Please reproduce the entries in full. Keep every character the same.

[Opening DATASET RECORDS section]

Lemma twisted_min_norm i y : twisted_lattice r s v1 L y -> y != 0 ->
  dotp (T (row i E)) (T (row i E)) <= dotp y y.
Proof.
case=> x /tame_combination [z ->] <- {y} Tx0.
have N2 : 2 <= n%:R :> R by rewrite (ler_nat R 2 n).
have [AM MA] := ratio_bounds.
have [j zj] : exists j, z j != 0.
  apply/existsP; apply: contraR Tx0 => /existsPn z0.
  rewrite big1 => [|j _]; last by rewrite (eqP (negbNE (z0 j))) scale0r.
  by rewrite /twist dotp0l mulr0 !scale0r scaler0 addr0.
set q := \sum_j z j ^+ 2; set t := \sum_j z j.
rewrite -(ler_pM2l (_ : 0 < n%:R :> R)) ?(lt_le_trans _ N2) //.
rewrite twisted_row_norm tame_relation_na.
have := twisted_norm_comb (fun j => (z j)%:~R); rewrite /= => ->.
rewrite -(eq_bigr _ (fun k _ => rmorphXn _ _ _)) -!rmorph_sum -/q -/t.
rewrite -[(n%:R - 1) * _ * _]mulrA; apply: twisted_form_lower_bound => //.
- by rewrite mulr_gt0 ?tame_ah_pos // exprn_even_gt0 // intr_eq0.
- exact: sqr_ge0.
- exact: sqr_ge0.
- rewrite -rmorphXn -[n%:R]/(n%:~R) -rmorphM ler_int -natz.
  exact: sqr_sum_le_n_sum_sqr.
- by rewrite -!rmorphXn ler_int; exact: sqr_sum_le_sqr_sum_sqr.
- by rewrite -(rmorph1 intr) ler_int; exact: sum_sqr_ge1 zj.
- have [t0|t0] := eqVneq t 0.
    by right; rewrite -[2]/(2%:~R : R) ler_int; exact: sum_sqr_ge2 zj t0.
  by left; rewrite -rmorphXn -(rmorph1 intr) ler_int expr2; move: t0; nia.
Qed.

Lemma twisted_lambda1 i :
  lambda1 (twisted_lattice r s v1 L) = vnorm (T (row i E)).
Proof.
apply: lambda1_attained; last exact: twisted_min_norm.
  by exists (row i E) => //; exact: tame_row_in.
by rewrite -dotp_eq0 gt_eqF ?twisted_row_norm_gt0.
Qed.

Lemma twisted_covol :
  covol (twisted_lattice r s v1 L) = `|\det E| * `|m%:~R * r%:~R ^+ n.-1|.
Proof.
have detT : \det (twist_mx r s v1) = m%:~R * r%:~R ^+ n.-1.
  by rewrite det_twist_mx // tame_v1_norm intrD intrM pmulrn mulrC.
have [[dE _] _ _ _ _] := tame.
rewrite (@covol_basis _ _ _ (E *m twist_mx r s v1)); first by rewrite det_mulmx normrM detT.
split; last by rewrite tame_lattice_of twisted_lattice_of.
by rewrite det_mulmx detT !mulf_neq0 ?twisted_m_neq0 ?expf_neq0 ?intr_eq0.
Qed.

End TameLattice.

Lemma powR_half_nat (R : realType) (x : R) (k : nat) :
  0 <= x -> x `^ (k%:R / 2) = Num.sqrt x ^+ k.
Proof. by move=> x0; rewrite mulrC powRrM powR12_sqrt // powR_mulrn // sqrtr_ge0. Qed.

Theorem mainTheorem3 (R : realType) (n : nat) (L : set 'rV[R]_n)
  (E : 'M[R]_n) (v1 : 'rV[R]_n) (a h : R) (r s : int) :
  (2 <= n)%N ->
  tame_lattice L E v1 a h ->
  r != 0 -> `|r| < n%:Z ->
  let m : int := r + s * n%:Z in
  (n%:R * a - 1) / (n%:R ^+ 2 - 1) <= (m%:~R / r%:~R) ^+ 2 <=
    (n%:R * a - 1) * (n%:R + 1) / (n%:R - 1) ->
  center_density (twisted_lattice r s v1 L) =
    ((n%:R * a - 1) * r%:~R ^+ 2 + m%:~R ^+ 2) `^ (n%:R / 2) /
    (2 ^+ n * n%:R `^ (n%:R / 2) * (a + h) `^ ((n%:R - 1) / 2)
       * `|m%:~R * r%:~R ^+ n.-1|).
Proof.
move=> n2 tame r0 _ m ratio.
have n0 : (0 < n)%N by apply: leq_trans n2.
pose i0 : 'I_n := Ordinal n0.
have N0 : 0 < n%:R :> R by rewrite ltr0n.
have T0 := twisted_row_norm_gt0 n2 tame s r0 i0.
have ah0 := tame_ah_pos n2 tame.
have m0 := twisted_m_neq0 n2 tame r0 ratio.
rewrite /center_density (twisted_lambda1 n2 tame r0 ratio i0).
rewrite (twisted_covol n2 tame r0 ratio) (tame_det n2 tame).
rewrite -(twisted_row_norm n2 tame r s i0) powRM ?(ltW N0) ?(ltW T0) //.
rewrite -[n%:R - 1](natrB _ n0) subn1 !powR_half_nat ?(ltW N0) ?(ltW T0) ?(ltW ah0) //.
rewrite /vnorm; field.
by rewrite normr_eq0 (mulf_neq0 m0) ?expf_neq0 ?intr_eq0 ?pnatr_eq0 ?sqrtr_eq0 -?ltNge //.
Qed.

[Closing DATASET RECORDS section]

● **REPLY**
Lemma twisted_min_norm i y : twisted_lattice r s v1 L y -> y != 0 ->
  dotp (T (row i E)) (T (row i E)) <= dotp y y.
Proof.
case=> x /tame_combination [z ->] <- {y} Tx0.
have N2 : 2 <= n%:R :> R by rewrite (ler_nat R 2 n).
have [AM MA] := ratio_bounds.
have [j zj] : exists j, z j != 0.
  apply/existsP; apply: contraR Tx0 => /existsPn z0.
  rewrite big1 => [|j _]; last by rewrite (eqP (negbNE (z0 j))) scale0r.
  by rewrite /twist dotp0l mulr0 !scale0r scaler0 addr0.
set q := \sum_j z j ^+ 2; set t := \sum_j z j.
rewrite -(ler_pM2l (_ : 0 < n%:R :> R)) ?(lt_le_trans _ N2) //.
rewrite twisted_row_norm tame_relation_na.
have := twisted_norm_comb (fun j => (z j)%:~R); rewrite /= => ->.
rewrite -(eq_bigr _ (fun k _ => rmorphXn _ _ _)) -!rmorph_sum -/q -/t.
rewrite -[(n%:R - 1) * _ * _]mulrA; apply: twisted_form_lower_bound => //.
- by rewrite mulr_gt0 ?tame_ah_pos // exprn_even_gt0 // intr_eq0.
- exact: sqr_ge0.
- exact: sqr_ge0.
- rewrite -rmorphXn -[n%:R]/(n%:~R) -rmorphM ler_int -natz.
  exact: sqr_sum_le_n_sum_sqr.
- by rewrite -!rmorphXn ler_int; exact: sqr_sum_le_sqr_sum_sqr.
- by rewrite -(rmorph1 intr) ler_int; exact: sum_sqr_ge1 zj.
- have [t0|t0] := eqVneq t 0.
    by right; rewrite -[2]/(2%:~R : R) ler_int; exact: sum_sqr_ge2 zj t0.
  by left; rewrite -rmorphXn -(rmorph1 intr) ler_int expr2; move: t0; nia.
Qed.

Lemma twisted_lambda1 i :
  lambda1 (twisted_lattice r s v1 L) = vnorm (T (row i E)).
Proof.
apply: lambda1_attained; last exact: twisted_min_norm.
  by exists (row i E) => //; exact: tame_row_in.
by rewrite -dotp_eq0 gt_eqF ?twisted_row_norm_gt0.
Qed.

Lemma twisted_covol :
  covol (twisted_lattice r s v1 L) = `|\det E| * `|m%:~R * r%:~R ^+ n.-1|.
Proof.
have detT : \det (twist_mx r s v1) = m%:~R * r%:~R ^+ n.-1.
  by rewrite det_twist_mx // tame_v1_norm intrD intrM pmulrn mulrC.
have [[dE _] _ _ _ _] := tame.
rewrite (@covol_basis _ _ _ (E *m twist_mx r s v1)); first by rewrite det_mulmx normrM detT.
split; last by rewrite tame_lattice_of twisted_lattice_of.
by rewrite det_mulmx detT !mulf_neq0 ?twisted_m_neq0 ?expf_neq0 ?intr_eq0.
Qed.

End TameLattice.

Lemma powR_half_nat (R : realType) (x : R) (k : nat) :
  0 <= x -> x `^ (k%:R / 2) = Num.sqrt x ^+ k.
Proof. by move=> x0; rewrite mulrC powRrM powR12_sqrt // powR_mulrn // sqrtr_ge0. Qed.

Theorem mainTheorem3 (R : realType) (n : nat) (L : set 'rV[R]_n)
  (E : 'M[R]_n) (v1 : 'rV[R]_n) (a h : R) (r s : int) :
  (2 <= n)%N ->
  tame_lattice L E v1 a h ->
  r != 0 -> `|r| < n%:Z ->
  let m : int := r + s * n%:Z in
  (n%:R * a - 1) / (n%:R ^+ 2 - 1) <= (m%:~R / r%:~R) ^+ 2 <=
    (n%:R * a - 1) * (n%:R + 1) / (n%:R - 1) ->
  center_density (twisted_lattice r s v1 L) =
    ((n%:R * a - 1) * r%:~R ^+ 2 + m%:~R ^+ 2) `^ (n%:R / 2) /
    (2 ^+ n * n%:R `^ (n%:R / 2) * (a + h) `^ ((n%:R - 1) / 2)
       * `|m%:~R * r%:~R ^+ n.-1|).
Proof.
move=> n2 tame r0 _ m ratio.
have n0 : (0 < n)%N by apply: leq_trans n2.
pose i0 : 'I_n := Ordinal n0.
have N0 : 0 < n%:R :> R by rewrite ltr0n.
have T0 := twisted_row_norm_gt0 n2 tame s r0 i0.
have ah0 := tame_ah_pos n2 tame.
have m0 := twisted_m_neq0 n2 tame r0 ratio.
rewrite /center_density (twisted_lambda1 n2 tame r0 ratio i0).
rewrite (twisted_covol n2 tame r0 ratio) (tame_det n2 tame).
rewrite -(twisted_row_norm n2 tame r s i0) powRM ?(ltW N0) ?(ltW T0) //.
rewrite -[n%:R - 1](natrB _ n0) subn1 !powR_half_nat ?(ltW N0) ?(ltW T0) ?(ltW ah0) //.
rewrite /vnorm; field.
by rewrite normr_eq0 (mulf_neq0 m0) ?expf_neq0 ?intr_eq0 ?pnatr_eq0 ?sqrtr_eq0 -?ltNge //.
Qed.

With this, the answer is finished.